**Exercise requirements**
Tally the lines of the records below that include the word "conj", and write down only that tally.

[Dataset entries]
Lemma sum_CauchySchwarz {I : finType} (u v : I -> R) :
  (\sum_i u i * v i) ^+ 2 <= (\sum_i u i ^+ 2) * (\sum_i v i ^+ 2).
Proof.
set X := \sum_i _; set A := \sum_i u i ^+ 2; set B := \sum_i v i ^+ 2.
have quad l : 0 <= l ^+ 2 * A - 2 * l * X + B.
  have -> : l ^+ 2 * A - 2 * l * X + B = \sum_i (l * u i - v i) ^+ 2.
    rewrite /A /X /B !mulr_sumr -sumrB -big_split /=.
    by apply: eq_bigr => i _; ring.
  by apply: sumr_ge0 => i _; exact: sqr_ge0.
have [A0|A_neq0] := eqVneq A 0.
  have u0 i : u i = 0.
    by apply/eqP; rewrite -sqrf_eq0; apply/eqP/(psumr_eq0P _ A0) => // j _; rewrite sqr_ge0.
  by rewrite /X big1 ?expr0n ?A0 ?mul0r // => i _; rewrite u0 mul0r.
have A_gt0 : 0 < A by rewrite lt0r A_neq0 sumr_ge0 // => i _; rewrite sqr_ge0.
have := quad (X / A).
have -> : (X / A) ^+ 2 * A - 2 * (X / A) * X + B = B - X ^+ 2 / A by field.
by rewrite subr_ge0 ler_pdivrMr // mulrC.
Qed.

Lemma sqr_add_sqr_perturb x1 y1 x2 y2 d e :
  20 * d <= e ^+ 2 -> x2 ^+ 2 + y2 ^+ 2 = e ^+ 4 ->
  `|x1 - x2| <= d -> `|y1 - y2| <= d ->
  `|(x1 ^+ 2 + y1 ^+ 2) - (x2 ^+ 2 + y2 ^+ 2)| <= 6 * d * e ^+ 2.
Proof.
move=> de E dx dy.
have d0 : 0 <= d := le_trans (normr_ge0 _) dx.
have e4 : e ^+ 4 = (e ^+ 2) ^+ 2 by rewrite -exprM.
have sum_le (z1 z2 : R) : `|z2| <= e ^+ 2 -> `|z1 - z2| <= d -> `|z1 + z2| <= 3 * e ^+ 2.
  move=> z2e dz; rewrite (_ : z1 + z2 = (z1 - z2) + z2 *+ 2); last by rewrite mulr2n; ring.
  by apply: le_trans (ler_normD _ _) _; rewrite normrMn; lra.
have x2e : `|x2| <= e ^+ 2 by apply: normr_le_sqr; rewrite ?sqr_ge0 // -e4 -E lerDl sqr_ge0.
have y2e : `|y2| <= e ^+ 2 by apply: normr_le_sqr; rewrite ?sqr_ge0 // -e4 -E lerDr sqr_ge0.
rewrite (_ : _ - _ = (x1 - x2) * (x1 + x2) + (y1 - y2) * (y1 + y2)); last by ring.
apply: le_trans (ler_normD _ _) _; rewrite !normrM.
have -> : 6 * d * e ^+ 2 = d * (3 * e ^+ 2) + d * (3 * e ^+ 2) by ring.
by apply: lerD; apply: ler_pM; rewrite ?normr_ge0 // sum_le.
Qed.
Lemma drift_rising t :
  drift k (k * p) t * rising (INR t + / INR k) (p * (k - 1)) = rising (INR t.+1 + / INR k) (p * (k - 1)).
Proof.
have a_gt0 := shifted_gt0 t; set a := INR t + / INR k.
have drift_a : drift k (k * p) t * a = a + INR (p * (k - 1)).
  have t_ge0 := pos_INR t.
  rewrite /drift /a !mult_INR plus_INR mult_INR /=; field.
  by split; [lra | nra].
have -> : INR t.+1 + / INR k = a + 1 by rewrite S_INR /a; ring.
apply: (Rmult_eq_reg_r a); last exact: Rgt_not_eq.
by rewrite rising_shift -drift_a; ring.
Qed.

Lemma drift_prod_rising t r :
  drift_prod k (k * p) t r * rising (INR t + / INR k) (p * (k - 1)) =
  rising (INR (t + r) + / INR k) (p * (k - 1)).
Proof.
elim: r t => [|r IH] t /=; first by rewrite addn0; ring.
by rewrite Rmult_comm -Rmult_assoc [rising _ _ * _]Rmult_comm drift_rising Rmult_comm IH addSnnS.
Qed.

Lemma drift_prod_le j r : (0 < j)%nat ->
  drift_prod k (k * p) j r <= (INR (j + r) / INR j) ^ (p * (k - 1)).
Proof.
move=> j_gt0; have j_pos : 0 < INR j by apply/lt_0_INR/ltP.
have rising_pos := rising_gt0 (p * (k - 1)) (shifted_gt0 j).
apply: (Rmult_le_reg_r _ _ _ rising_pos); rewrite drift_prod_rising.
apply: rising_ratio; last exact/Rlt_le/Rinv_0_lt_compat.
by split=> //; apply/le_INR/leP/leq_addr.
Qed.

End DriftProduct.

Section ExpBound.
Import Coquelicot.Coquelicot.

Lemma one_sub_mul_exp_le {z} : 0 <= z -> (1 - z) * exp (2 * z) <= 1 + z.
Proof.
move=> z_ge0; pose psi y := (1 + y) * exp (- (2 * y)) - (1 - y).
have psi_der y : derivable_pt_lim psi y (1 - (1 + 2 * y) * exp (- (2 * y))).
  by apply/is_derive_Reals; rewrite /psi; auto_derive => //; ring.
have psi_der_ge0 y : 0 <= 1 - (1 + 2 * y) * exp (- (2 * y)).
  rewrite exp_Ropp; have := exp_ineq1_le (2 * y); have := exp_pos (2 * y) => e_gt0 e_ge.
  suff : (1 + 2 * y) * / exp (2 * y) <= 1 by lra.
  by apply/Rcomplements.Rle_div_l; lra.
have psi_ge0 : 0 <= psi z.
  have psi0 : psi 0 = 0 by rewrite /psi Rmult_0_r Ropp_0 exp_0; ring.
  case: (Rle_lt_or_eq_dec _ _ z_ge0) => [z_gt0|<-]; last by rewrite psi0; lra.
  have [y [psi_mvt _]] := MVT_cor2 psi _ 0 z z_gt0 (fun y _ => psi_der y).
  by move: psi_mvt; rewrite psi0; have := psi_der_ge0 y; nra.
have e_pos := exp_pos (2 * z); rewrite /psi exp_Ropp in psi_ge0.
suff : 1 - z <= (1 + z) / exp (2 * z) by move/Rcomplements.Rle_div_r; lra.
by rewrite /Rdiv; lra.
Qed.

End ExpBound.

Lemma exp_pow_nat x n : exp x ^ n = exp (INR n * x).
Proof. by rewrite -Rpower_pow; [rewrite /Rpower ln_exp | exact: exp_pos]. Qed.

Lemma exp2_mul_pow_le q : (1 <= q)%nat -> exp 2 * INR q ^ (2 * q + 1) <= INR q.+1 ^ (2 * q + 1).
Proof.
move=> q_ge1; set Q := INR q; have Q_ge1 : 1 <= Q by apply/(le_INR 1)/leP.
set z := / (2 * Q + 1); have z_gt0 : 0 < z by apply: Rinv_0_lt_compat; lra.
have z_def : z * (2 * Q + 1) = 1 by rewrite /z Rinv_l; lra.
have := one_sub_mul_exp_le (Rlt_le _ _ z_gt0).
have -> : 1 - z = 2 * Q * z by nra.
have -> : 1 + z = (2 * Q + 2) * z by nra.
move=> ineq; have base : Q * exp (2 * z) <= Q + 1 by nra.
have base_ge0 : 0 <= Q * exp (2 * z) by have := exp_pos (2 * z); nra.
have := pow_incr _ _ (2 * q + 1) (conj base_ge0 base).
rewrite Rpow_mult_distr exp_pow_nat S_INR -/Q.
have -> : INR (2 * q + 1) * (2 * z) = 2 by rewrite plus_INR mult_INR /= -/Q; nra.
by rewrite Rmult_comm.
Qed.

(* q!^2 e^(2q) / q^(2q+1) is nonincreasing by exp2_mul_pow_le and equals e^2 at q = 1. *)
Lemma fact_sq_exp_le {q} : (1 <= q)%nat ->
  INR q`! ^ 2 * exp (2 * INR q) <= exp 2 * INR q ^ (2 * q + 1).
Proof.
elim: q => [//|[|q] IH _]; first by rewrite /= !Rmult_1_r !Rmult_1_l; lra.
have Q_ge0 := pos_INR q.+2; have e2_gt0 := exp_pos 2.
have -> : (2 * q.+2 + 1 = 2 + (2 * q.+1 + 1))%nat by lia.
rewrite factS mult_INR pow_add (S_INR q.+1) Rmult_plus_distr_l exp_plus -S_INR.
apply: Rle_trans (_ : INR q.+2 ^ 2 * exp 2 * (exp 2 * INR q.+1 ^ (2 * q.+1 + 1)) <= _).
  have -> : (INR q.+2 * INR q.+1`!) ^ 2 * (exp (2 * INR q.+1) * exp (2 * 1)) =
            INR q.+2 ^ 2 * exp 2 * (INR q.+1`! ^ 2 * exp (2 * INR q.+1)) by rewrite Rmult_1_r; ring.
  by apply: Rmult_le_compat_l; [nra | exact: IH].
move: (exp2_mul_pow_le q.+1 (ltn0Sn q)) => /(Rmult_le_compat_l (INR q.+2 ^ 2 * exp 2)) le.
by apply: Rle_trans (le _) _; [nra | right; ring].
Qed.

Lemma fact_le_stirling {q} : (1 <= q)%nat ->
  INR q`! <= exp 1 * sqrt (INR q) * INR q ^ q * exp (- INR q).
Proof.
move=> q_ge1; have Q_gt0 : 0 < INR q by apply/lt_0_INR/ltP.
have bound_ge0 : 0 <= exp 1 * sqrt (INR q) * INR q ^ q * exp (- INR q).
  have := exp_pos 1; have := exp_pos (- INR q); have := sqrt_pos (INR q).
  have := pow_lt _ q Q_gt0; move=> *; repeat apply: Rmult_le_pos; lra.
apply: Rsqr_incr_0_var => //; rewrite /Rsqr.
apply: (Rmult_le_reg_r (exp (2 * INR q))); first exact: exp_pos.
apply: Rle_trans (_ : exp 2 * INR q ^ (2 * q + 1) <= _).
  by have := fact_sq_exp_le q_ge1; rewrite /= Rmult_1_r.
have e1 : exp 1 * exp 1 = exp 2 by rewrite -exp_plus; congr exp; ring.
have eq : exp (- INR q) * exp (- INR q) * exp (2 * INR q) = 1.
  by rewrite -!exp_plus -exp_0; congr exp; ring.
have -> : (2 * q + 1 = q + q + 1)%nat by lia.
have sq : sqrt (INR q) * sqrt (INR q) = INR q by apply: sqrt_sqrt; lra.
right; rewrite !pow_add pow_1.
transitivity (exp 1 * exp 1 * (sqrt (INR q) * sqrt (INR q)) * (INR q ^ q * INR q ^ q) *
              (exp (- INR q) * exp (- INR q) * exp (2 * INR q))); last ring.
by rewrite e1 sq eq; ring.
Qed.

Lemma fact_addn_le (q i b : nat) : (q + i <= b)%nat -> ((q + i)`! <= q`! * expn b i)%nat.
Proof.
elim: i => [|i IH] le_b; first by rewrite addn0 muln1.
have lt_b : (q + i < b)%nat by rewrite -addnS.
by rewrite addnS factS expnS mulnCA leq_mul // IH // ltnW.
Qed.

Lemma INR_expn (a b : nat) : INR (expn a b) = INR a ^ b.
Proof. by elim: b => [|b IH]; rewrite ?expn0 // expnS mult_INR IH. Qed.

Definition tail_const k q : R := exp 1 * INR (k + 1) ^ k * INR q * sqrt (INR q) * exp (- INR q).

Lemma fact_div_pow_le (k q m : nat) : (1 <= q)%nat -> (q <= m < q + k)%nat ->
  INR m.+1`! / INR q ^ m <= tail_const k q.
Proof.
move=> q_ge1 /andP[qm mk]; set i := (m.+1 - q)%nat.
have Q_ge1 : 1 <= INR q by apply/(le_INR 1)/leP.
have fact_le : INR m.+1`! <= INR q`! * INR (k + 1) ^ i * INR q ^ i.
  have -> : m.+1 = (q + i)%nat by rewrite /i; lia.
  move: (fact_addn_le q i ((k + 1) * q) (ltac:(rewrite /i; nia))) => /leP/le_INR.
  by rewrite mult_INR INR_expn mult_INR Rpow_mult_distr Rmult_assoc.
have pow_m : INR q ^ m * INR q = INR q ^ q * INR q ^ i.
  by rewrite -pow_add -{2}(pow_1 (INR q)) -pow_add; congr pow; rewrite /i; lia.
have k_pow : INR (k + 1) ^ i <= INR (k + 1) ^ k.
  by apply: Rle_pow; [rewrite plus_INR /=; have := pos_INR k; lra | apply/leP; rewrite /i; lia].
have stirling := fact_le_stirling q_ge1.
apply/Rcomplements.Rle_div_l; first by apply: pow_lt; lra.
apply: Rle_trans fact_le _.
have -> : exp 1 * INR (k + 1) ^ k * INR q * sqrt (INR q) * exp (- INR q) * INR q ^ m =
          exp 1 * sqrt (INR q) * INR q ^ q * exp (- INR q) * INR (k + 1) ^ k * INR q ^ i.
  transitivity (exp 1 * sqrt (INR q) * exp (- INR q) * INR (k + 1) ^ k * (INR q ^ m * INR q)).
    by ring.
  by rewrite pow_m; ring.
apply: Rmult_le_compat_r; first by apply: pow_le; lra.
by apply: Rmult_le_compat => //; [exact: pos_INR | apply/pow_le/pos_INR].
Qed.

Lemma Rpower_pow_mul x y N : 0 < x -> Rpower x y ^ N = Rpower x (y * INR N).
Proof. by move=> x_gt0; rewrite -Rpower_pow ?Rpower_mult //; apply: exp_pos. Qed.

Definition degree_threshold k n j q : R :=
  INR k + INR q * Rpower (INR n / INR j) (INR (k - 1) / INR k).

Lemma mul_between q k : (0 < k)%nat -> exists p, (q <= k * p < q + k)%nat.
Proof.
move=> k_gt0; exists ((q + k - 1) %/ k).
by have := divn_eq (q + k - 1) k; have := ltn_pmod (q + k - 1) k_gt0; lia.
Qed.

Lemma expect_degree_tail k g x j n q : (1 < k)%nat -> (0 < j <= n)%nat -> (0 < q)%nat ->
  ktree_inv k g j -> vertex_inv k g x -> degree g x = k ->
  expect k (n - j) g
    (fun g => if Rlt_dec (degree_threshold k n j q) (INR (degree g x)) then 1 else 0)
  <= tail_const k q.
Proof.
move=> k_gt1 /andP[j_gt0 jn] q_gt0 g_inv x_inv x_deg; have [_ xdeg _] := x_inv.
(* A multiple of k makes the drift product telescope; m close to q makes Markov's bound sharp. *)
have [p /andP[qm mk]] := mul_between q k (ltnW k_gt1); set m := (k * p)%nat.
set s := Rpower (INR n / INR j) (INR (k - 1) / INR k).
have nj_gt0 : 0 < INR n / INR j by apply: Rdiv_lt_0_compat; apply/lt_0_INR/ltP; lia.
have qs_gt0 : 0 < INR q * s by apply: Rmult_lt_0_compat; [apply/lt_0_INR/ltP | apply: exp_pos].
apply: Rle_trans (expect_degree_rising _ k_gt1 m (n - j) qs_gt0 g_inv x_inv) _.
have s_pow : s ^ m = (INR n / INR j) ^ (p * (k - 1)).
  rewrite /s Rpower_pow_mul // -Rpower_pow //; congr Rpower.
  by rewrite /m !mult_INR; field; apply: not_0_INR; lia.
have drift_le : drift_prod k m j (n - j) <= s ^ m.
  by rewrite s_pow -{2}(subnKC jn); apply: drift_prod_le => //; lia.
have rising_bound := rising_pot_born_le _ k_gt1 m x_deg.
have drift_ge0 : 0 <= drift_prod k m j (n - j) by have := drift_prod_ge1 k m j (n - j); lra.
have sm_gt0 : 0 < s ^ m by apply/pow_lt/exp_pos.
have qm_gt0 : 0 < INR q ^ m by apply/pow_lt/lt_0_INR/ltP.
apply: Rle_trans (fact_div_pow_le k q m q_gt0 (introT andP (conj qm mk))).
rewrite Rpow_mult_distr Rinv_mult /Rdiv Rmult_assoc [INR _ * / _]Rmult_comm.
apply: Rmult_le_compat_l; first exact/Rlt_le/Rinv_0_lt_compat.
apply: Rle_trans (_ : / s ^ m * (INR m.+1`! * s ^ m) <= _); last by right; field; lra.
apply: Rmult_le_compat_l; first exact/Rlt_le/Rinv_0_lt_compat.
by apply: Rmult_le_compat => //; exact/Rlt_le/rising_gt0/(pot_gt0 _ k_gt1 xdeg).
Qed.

**Response**
2